Is it correct to say that when a Spring context hierarchy is closed, there is no guaranteed order in which the beans will be destroyed? E.g. the beans in the child context will be destroyed before the parent context. From a minimal example the destruction of the contexts seems to be totally uncoordinated between the contexts (oddly enough).
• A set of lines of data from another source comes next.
(* Let $\mathcal{X}\subseteq\mathbb{R}^{d_X}$, $\mathcal{Z}\subseteq\mathbb{R}^{d_Z}$, and let $\Theta=\Gamma\times\Delta\subseteq\mathbb{R}^{d_\gamma+d_\delta}$ be compact and non-empty. Let $X_1,\ldots,X_n$ and $Z_1,\ldots,Z_n$ be independent and identically distributed random vectors with the same distributions as random vectors $X$ (values in $\mathcal{X}$) and $Z$ (values in $\mathcal{Z}$), respectively. Let $G:\mathcal{Z}\times\Gamma\to\mathcal{X}$ and $D:\mathcal{X}\times\Delta\to(0,1)$ be functions, and define $F(x,z,\gamma,\delta)=\ln(D(x,\delta))+\ln(1-D(G(z,\gamma),\delta))$; assume $F(X,Z,\gamma,\delta)$ is measurable for every $(\gamma,\delta)\in\Theta$ and, with probability one, continuous in $(\gamma,\delta)$ on $\Theta$. Define $f(\gamma,\delta)=\mathbb{E}[F(X,Z,\gamma,\delta)]$, $\varphi(\gamma)=\sup_{\delta\in\Delta}f(\gamma,\delta)$, $V_0=\inf_{\gamma\in\Gamma}\varphi(\gamma)$, and $\Theta_0=\{(\gamma_0,\delta_0)\in\Theta: f(\gamma_0,\delta_0)=\varphi(\gamma_0)\text{ and }\varphi(\gamma_0)=V_0\}$. Define the sample quantities $\hat f_n(\gamma,\delta)=\frac1n\sum_{i=1}^nF(X_i,Z_i,\gamma,\delta)$, $\hat\varphi_n(\gamma)=\sup_{\delta\in\Delta}\hat f_n(\gamma,\delta)$, $\hat V_n=\inf_{\gamma\in\Gamma}\hat\varphi_n(\gamma)$, $\hat Q_n(\gamma,\delta)=\max\{\hat\varphi_n(\gamma)-\hat f_n(\gamma,\delta),\ \hat\varphi_n(\gamma)-\hat V_n\}$, and for a sequence of random variables $\tau_n$, $\hat\Theta_n(\tau_n)=\{\theta\in\Theta:\hat Q_n(\theta)\le\tau_n\}$. (a) Suppose $\sup_{\theta\in\Theta}|\hat f_n(\theta)-f(\theta)|\to 0$ in probability with $f$ continuous on $\Theta$, and suppose $\tau_n$ is a sequence of non-negative random variables with $\tau_n\to0$ in probability. Then $\sup_{\theta\in\hat\Theta_n(\tau_n)}d(\theta,\Theta_0)\to0$ in probability, and $\hat V_n\to V_0$ in probability. (b) Suppose $\sup_{\theta\in\Theta}|\hat f_n(\theta)-f(\theta)|\to 0$ in probability with $f$ continuous on $\Theta$ and moreover $\sup_{\theta\in\Theta}n^{1/2}|\hat f_n(\theta)-f(\theta)|=O_p(1)$, and suppose $\tau_n$ is a sequence of positive random variables with $\tau_n\to0$ in probability and $n^{-1/2}/\tau_n\to0$ in probability. Then $\sup_{\theta\in\Theta_0}d(\theta,\hat\Theta_n(\tau_n))\to0$ in probability, so that $d_H(\hat\Theta_n(\tau_n),\Theta_0)\to0$ in probability.
   Context: $|\cdot|$ is the Euclidean norm; for a point $a$ and a set $B$, $d(a,B)=\inf_{b\in B}|a-b|$. For non-empty bounded sets $A,B$ the Hausdorff distance is $d_H(A,B)=\max\{\sup_{a\in A}d(a,B),\sup_{b\in B}d(b,A)\}$. $O_p(1)$ denotes a sequence of random variables bounded in probability. $\Theta_0$ is the set of solutions of the population minimax problem $\inf_{\gamma}\sup_{\delta}f(\gamma,\delta)$ and $\hat\Theta_n(\tau_n)$ the set of $\tau_n$-approximate solutions of the sample problem $\inf_\gamma\sup_\delta\hat f_n(\gamma,\delta)$. *)

From HB Require Import structures.
From mathcomp Require Import all_boot all_order all_algebra.
From mathcomp Require Import all_classical all_reals all_analysis.
Set Implicit Arguments. Unset Strict Implicit. Unset Printing Implicit Defensive.
Import Order.TTheory GRing.Theory Num.Theory.
Import numFieldNormedType.Exports.
Local Open Scope classical_set_scope.
Local Open Scope ring_scope.

Definition outerP (R : realType) (d : measure_display) (Om : measurableType d)
  (P : probability Om R) (S : set Om) : \bar R :=
  ereal_inf [set P A | A in [set A | measurable A /\ S `<=` A]].

(* Y_n -> 0 in (outer) probability, for extended-real valued Y_n (upper
   deviations; two-sided convergence is expressed by applying it to |Y_n - c|):
   for every eps > 0, P*(Y_n > eps) -> 0. *)
Definition cvg_prob0 (R : realType) (d : measure_display) (Om : measurableType d)
  (P : probability Om R) (Y : nat -> Om -> \bar R) : Prop :=
  forall eps : R, 0 < eps -> forall eta : R, 0 < eta ->
    \forall n \near \oo, (outerP P [set w | (eps%:E < Y n w)%E] < eta%:E)%E.

Definition bounded_in_prob (R : realType) (d : measure_display) (Om : measurableType d)
  (P : probability Om R) (Y : nat -> Om -> \bar R) : Prop :=
  forall eta : R, 0 < eta -> exists M : R,
    \forall n \near \oo, (outerP P [set w | (M%:E < `|Y n w|)%E] < eta%:E)%E.

(* Borel sigma-algebra on R^n (row vectors), generated by the coordinates. *)
Definition rvec_gen (R : realType) (n : nat) : set (set 'rV[R]_n) :=
  [set B | exists (i : 'I_n) (A : set R),
     measurable A /\ B = (fun v : 'rV[R]_n => v ord0 i) @^-1` A].
Definition rvec_measurable (R : realType) (n : nat) : set (set 'rV[R]_n) :=
  <<s @rvec_gen R n >>.

Definition random_vector (R : realType) (d : measure_display) (Om : measurableType d)
  (n : nat) (X : Om -> 'rV[R]_n) : Prop :=
  forall B, rvec_measurable B -> measurable (X @^-1` B).

Definition same_law (R : realType) (d : measure_display) (Om : measurableType d)
  (P : probability Om R) (n : nat) (X1 X2 : Om -> 'rV[R]_n) : Prop :=
  forall B, rvec_measurable B -> P (X1 @^-1` B) = P (X2 @^-1` B).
Both contexts registers a shutdown hook which later will be executed in different threads.
@RunWith(SpringJUnit4ClassRunner.class)
@ContextHierarchy({
@ContextConfiguration(classes = {ATest.Root.class}),
@ContextConfiguration(classes = {ATest.Child.class})
})
public class ATest {
@Test
public void contextTest() {
}
public static class Root {
@Bean
Foo foo() {
return new Foo();
}
}
public static class Child {
@Bean
Bar bar() {
return new Bar();
}
}
static class Foo {
Logger logger = LoggerFactory.getLogger(Foo.class);
volatile boolean destroyed;
@PostConstruct
void setup() {
logger.info("foo setup");
}
@PreDestroy
void destroy() {
destroyed = true;
logger.info("foo destroy");
}
}
static class Bar {
@Autowired
Foo foo;
Logger logger = LoggerFactory.getLogger(Bar.class);
@PostConstruct
void setup() {
logger.info("bar setup with foo = {}", foo);
}
@PreDestroy
void destroy() {
logger.info("bar destroy, foo is destroyed={}", foo.destroyed);
}
}
}
Gives the output:
21:38:53.287 [Test worker] INFO ATest$Foo - foo setup
21:38:53.327 [Test worker] INFO ATest$Bar - bar setup with foo = com.tango.citrine.spring.ATest$Foo@2458117b
21:38:53.363 [Thread-4] INFO ATest$Foo - foo destroy
21:38:53.364 [Thread-5] INFO ATest$Bar - bar destroy, foo is destroyed=true
Is there any way to force the contexts to be closed in the "correct" order?